» **What you are asked to do**
Print the lines in the listing below that fall between the line with "Variables (R : comPzRingType)" and the line with "Lemma mulmx_oppZ3 a", those two lines included, exactly as they stand and with nothing else.

--- Data for analysis Enclosed Below ---

(* Consider a two-player bilinear game with $f_1(x_1,x_2)=x_1^\top Ax_2$, $f_2(x_1,x_2)=x_1^\top B^\top x_2$, $A\in\mathbb{R}^{n_1\times n_2}$, $B\in\mathbb{R}^{n_2\times n_1}$, step sizes $\gamma_1,\gamma_2>0$, and let $W$ be either $W_s$ (simultaneous gradient play) or $W_a$ (alternating gradient play) as defined in the context. Write $a_{pq}$, $b_{pq}$ for the $(p,q)$ entries of $A$, $B$. (1) If coordinate $x_{2,j}$ is disturbance decoupled from coordinate $x_{1,i}$, then $b_{ji}=0$ and $\sum_{q=1}^{n_2}b_{qi}\sum_{\ell=1}^{n_1}a_{\ell q}b_{j\ell}=0$. (2) If coordinate $x_{1,j}$ is disturbance decoupled from coordinate $x_{2,i}$, then $a_{ji}=0$ and $\sum_{q=1}^{n_1}a_{qi}\sum_{\ell=1}^{n_2}b_{\ell q}a_{j\ell}=0$.
   Context: Player 1 has action $x_1=(x_{1,1},\ldots,x_{1,n_1})\in\mathbb{R}^{n_1}$, player 2 has $x_2=(x_{2,1},\ldots,x_{2,n_2})\in\mathbb{R}^{n_2}$; the joint vector $x=(x_1,x_2)\in\mathbb{R}^{n_1+n_2}$. Simultaneous gradient play $x_1^{k+1}=x_1^k-\gamma_1Ax_2^k$, $x_2^{k+1}=x_2^k-\gamma_2Bx_1^k$ is the linear iteration $x^{k+1}=W_sx^k$ with $W_s=\begin{bmatrix}I&-\gamma_1A\\-\gamma_2B&I\end{bmatrix}$. Alternating gradient play $x_1^{k+1}=x_1^k-\gamma_1Ax_2^k$, $x_2^{k+1}=x_2^k-\gamma_2Bx_1^{k+1}$ is the linear iteration $x^{k+1}=W_ax^k$ with $W_a=\begin{bmatrix}I&-\gamma_1A\\-\gamma_2B&I+\gamma_1\gamma_2BA\end{bmatrix}$. Each coordinate is treated as a separate scalar player whose game-graph matrix is $W$. For coordinates $p\neq q$ of $\mathbb{R}^{n_1+n_2}$, with $\gamma_{(q)}$ the step size of the player owning coordinate $q$, coordinate $p$ is disturbance decoupled from coordinate $q$ if for every initial $x^0$ and every real sequence $(\delta^k)_{k\ge0}$, the iterations $x^{k+1}=Wx^k$ and $y^{k+1}=Wy^k-\gamma_{(q)}\delta^ke_q$ with $y^0=x^0$ satisfy $y^k_p=x^k_p$ for all $k\ge0$ ($e_q$ the $q$-th standard basis vector). *)

From mathcomp Require Import all_boot all_order all_algebra.
Set Implicit Arguments. Unset Strict Implicit. Unset Printing Implicit Defensive.
Import Order.TTheory GRing.Theory Num.Theory.
Local Open Scope ring_scope.

Section Game.
Variables (R : realFieldType) (n1 n2 : nat).

Definition Wsim (g1 g2 : R) (A : 'M[R]_(n1, n2)) (B : 'M[R]_(n2, n1))
  : 'M[R]_(n1 + n2) :=
  block_mx (1%:M : 'M[R]_n1) (- (g1 *: A)) (- (g2 *: B)) (1%:M : 'M[R]_n2).

Definition Walt (g1 g2 : R) (A : 'M[R]_(n1, n2)) (B : 'M[R]_(n2, n1))
  : 'M[R]_(n1 + n2) :=
  block_mx (1%:M : 'M[R]_n1) (- (g1 *: A)) (- (g2 *: B))
           ((1%:M : 'M[R]_n2) + (g1 * g2) *: (B *m A)).
End Game.

Section Iter.
Variables (R : realFieldType) (n : nat).

Fixpoint lin_iter (W : 'M[R]_n) (x0 : 'cV[R]_n) (k : nat) : 'cV[R]_n :=
  match k with
  | 0 => x0
  | k'.+1 => W *m lin_iter W x0 k'
  end.

Fixpoint dist_iter (W : 'M[R]_n) (x0 : 'cV[R]_n) (q : 'I_n) (gq : R)
  (delta : nat -> R) (k : nat) : 'cV[R]_n :=
  match k with
  | 0 => x0
  | k'.+1 => W *m dist_iter W x0 q gq delta k' - (gq * delta k') *: delta_mx q 0
  end.

(* coordinate p is disturbance decoupled from coordinate q, where gq is the
   step size of the player owning coordinate q *)
Definition dist_decoupled (W : 'M[R]_n) (gq : R) (p q : 'I_n) : Prop :=
  forall (x0 : 'cV[R]_n) (delta : nat -> R) (k : nat),
    dist_iter W x0 q gq delta k p 0 = lin_iter W x0 k p 0.
End Iter.

(* Starting from x^0 = 0, a unit impulse at time 0 makes the disturbed state
   at time k+1 equal to -gamma_q W^k e_q, so decoupling of p from q forces
   (W^k)_pq = 0 for every k >= 1, and hence ((W - 1)^k)_pq = 0 for every k as
   p <> q.  With X = -g1 A and Y = -g2 B, W_s - 1 is the block matrix
   [0 X; Y 0] and W_a - 1 is [0 X; Y YX].  Their first powers expose the
   entries of X and Y, while the cube of the former and the square of the
   latter both have off-diagonal blocks XYX and YXY, i.e. nonzero multiples of
   ABA and BAB. *)

From mathcomp Require Import all_boot all_order all_algebra ring.
Set Implicit Arguments. Unset Strict Implicit. Unset Printing Implicit Defensive.
Import Order.TTheory GRing.Theory Num.Theory.
Local Open Scope ring_scope.

Section DisturbanceDecoupling.
Variables (R : realFieldType) (n : nat) (W : 'M[R]_n).

Lemma lin_iter0 k : lin_iter W 0 k = 0.
Proof. by elim: k => //= k ->; rewrite mulmx0. Qed.

Definition impulse (k : nat) : R := (k == 0%N)%:R.

Lemma dist_iter_impulse q gq k :
  dist_iter W 0 q gq impulse k.+1 = - gq *: (W ^+ k *m delta_mx q 0).
Proof.
elim: k => [|k IHk] /=; first by rewrite mulmx0 sub0r mulr1 mul1mx scaleNr.
by move: IHk => /= ->; rewrite mulr0 scale0r subr0 -scalemxAr exprS mulmxA.
Qed.

Lemma dist_decoupled_exprS gq p q : gq != 0 -> dist_decoupled W gq p q ->
  forall k, (W ^+ k.+1) p q = 0.
Proof.
move=> gq_neq0 decoupled k.
have := decoupled 0 impulse k.+2.
rewrite lin_iter0 dist_iter_impulse -colE !mxE => /eqP.
by rewrite mulf_eq0 oppr_eq0 (negPf gq_neq0) => /eqP.
Qed.

(* (W - 1)^k is a combination of powers of W, and the zeroth power 1 vanishes
   off the diagonal. *)
Lemma dist_decoupled_subr1X gq p q : p != q -> gq != 0 ->
  dist_decoupled W gq p q -> forall k, ((W - 1) ^+ k) p q = 0.
Proof.
move=> p_neq_q gq_neq0 /(dist_decoupled_exprS gq_neq0) Wpq k.
suff {k} subr1XW k m : ((W - 1) ^+ k * W ^+ m) p q = 0.
  by have := subr1XW k 0%N; rewrite mulr1.
elim: k m => [|k IHk] m.
  by rewrite mul1r; case: m => [|m]; rewrite ?Wpq // expr0 mxE (negPf p_neq_q).
rewrite exprSr -mulrA mulrBl mul1r -exprS mulrBr.
by rewrite mxE IHk add0r mxE IHk oppr0.
Qed.

End DisturbanceDecoupling.

Section OffDiagonalBlocks.
Variables (R : pzRingType) (n1 n2 : nat).
Variables (X : 'M[R]_(n1, n2)) (Y : 'M[R]_(n2, n1)).

Lemma block_mx_offdiag_cube :
  (block_mx 0 X Y 0) ^+ 3 = block_mx 0 (X *m Y *m X) (Y *m X *m Y) 0.
Proof.
rewrite !exprS expr0 mulr1 -!mulmxE !mulmx_block.
by rewrite !(mul0mx, mulmx0, add0r, addr0) !mulmxA.
Qed.

Lemma block_mx_offdiag_mul_sqr :
  (block_mx 0 X Y (Y *m X)) ^+ 2 =
  block_mx (X *m Y) (X *m Y *m X) (Y *m X *m Y) (Y *m X + Y *m X *m Y *m X).
Proof.
rewrite expr2 -mulmxE mulmx_block.
by rewrite !(mul0mx, mulmx0, add0r, addr0) !mulmxA.
Qed.

End OffDiagonalBlocks.

Section TripleProduct.
Variables (R : comPzRingType) (m n p r : nat).
Variables (M : 'M[R]_(m, n)) (N : 'M[R]_(n, p)) (P : 'M[R]_(p, r)).

Lemma mulmx3E i j :
  (M *m N *m P) i j = \sum_(q < p) P q j * (\sum_(l < n) N l q * M i l).
Proof.
rewrite -mulmxA mxE; under eq_bigr => l _ do rewrite mxE big_distrr.
rewrite exchange_big /=; apply: eq_bigr => q _; rewrite big_distrr /=.
by apply: eq_bigr => l _; ring.
Qed.

Lemma mulmx_oppZ3 a b c :
  (- (a *: M)) *m (- (b *: N)) *m (- (c *: P)) = - (a * b * c) *: (M *m N *m P).
Proof.
rewrite !(mulNmx, mulmxN, opprK) -!scalemxAl -!scalemxAr !scalerA.
by rewrite -scalemxAl scalerA mulrAC scaleNr.
Qed.

End TripleProduct.

Section GradientPlay.
Variables (R : realFieldType) (n1 n2 : nat) (g1 g2 : R).
Variables (A : 'M[R]_(n1, n2)) (B : 'M[R]_(n2, n1)).

Lemma Wsim_subr1 :
  Wsim g1 g2 A B - 1 = block_mx 0 (- (g1 *: A)) (- (g2 *: B)) 0.
Proof.
rewrite /Wsim -idmxE (scalar_mx_block n1 n2) opp_block_mx add_block_mx.
by rewrite !subrr !oppr0 !addr0.
Qed.

Lemma Walt_subr1 :
  Walt g1 g2 A B - 1 =
  block_mx 0 (- (g1 *: A)) (- (g2 *: B)) ((- (g2 *: B)) *m (- (g1 *: A))).
Proof.
rewrite /Walt -idmxE (scalar_mx_block n1 n2) opp_block_mx add_block_mx.
rewrite subrr !oppr0 !addr0 addrC addKr mulNmx mulmxN opprK.
by rewrite -scalemxAl -scalemxAr scalerA mulrC.
Qed.

End GradientPlay.

Theorem corollary4 (R : realFieldType) (n1 n2 : nat)
  (A : 'M[R]_(n1, n2)) (B : 'M[R]_(n2, n1)) (g1 g2 : R)
  (hg1 : 0 < g1) (hg2 : 0 < g2) (W : 'M[R]_(n1 + n2))
  (hW : W = Wsim g1 g2 A B \/ W = Walt g1 g2 A B) :
  (forall (i : 'I_n1) (j : 'I_n2),
     dist_decoupled W g1 (rshift n1 j) (lshift n2 i) ->
     B j i = 0 /\
     \sum_(q < n2) B q i * (\sum_(l < n1) A l q * B j l) = 0) /\
  (forall (i : 'I_n2) (j : 'I_n1),
     dist_decoupled W g2 (lshift n2 j) (rshift n1 i) ->
     A j i = 0 /\
     \sum_(q < n1) A q i * (\sum_(l < n2) B l q * A j l) = 0).
Proof.
have g1_neq0 : g1 != 0 by rewrite gt_eqF.
have g2_neq0 : g2 != 0 by rewrite gt_eqF.
set X := - (g1 *: A); set Y := - (g2 *: B).
have [D W_subr1] : exists D, W - 1 = block_mx 0 X Y D.
  by case: hW => ->; eexists; [apply: Wsim_subr1 | apply: Walt_subr1].
have [k [Dul [Ddr W_subr1X]]] : exists k Dul Ddr,
    (W - 1) ^+ k = block_mx Dul (X *m Y *m X) (Y *m X *m Y) Ddr.
  case: hW => ->; [exists 3%N; rewrite Wsim_subr1 block_mx_offdiag_cube
                  | exists 2%N; rewrite Walt_subr1 block_mx_offdiag_mul_sqr];
  by do 2 eexists.
have opp_mul_eq0 (c x : R) : c != 0 -> - (c * x) = 0 -> x = 0.
  by move=> c_neq0 /eqP; rewrite oppr_eq0 mulf_eq0 (negPf c_neq0) => /eqP.
split=> i j decoupled.
- have {}decoupled :=
    dist_decoupled_subr1X (negbT (eq_rlshift _ _)) g1_neq0 decoupled.
  split.
    have := decoupled 1%N; rewrite expr1 W_subr1 block_mxEdl !mxE.
    exact: opp_mul_eq0 g2_neq0.
  rewrite -mulmx3E; apply: (opp_mul_eq0 (g2 * g1 * g2)); first by rewrite !mulf_neq0.
  by have := decoupled k; rewrite W_subr1X block_mxEdl mulmx_oppZ3 mxE mulNr.
- have {}decoupled :=
    dist_decoupled_subr1X (negbT (eq_lrshift _ _)) g2_neq0 decoupled.
  split.
    have := decoupled 1%N; rewrite expr1 W_subr1 block_mxEur !mxE.
    exact: opp_mul_eq0 g1_neq0.
  rewrite -mulmx3E; apply: (opp_mul_eq0 (g1 * g2 * g1)); first by rewrite !mulf_neq0.
  by have := decoupled k; rewrite W_subr1X block_mxEur mulmx_oppZ3 mxE mulNr.
Qed.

--- End of Enclosed Data for analysis ---

» **Answer area**
Variables (R : comPzRingType) (m n p r : nat).
Variables (M : 'M[R]_(m, n)) (N : 'M[R]_(n, p)) (P : 'M[R]_(p, r)).

Lemma mulmx3E i j :
  (M *m N *m P) i j = \sum_(q < p) P q j * (\sum_(l < n) N l q * M i l).
Proof.
rewrite -mulmxA mxE; under eq_bigr => l _ do rewrite mxE big_distrr.
rewrite exchange_big /=; apply: eq_bigr => q _; rewrite big_distrr /=.
by apply: eq_bigr => l _; ring.
Qed.

Lemma mulmx_oppZ3 a b c :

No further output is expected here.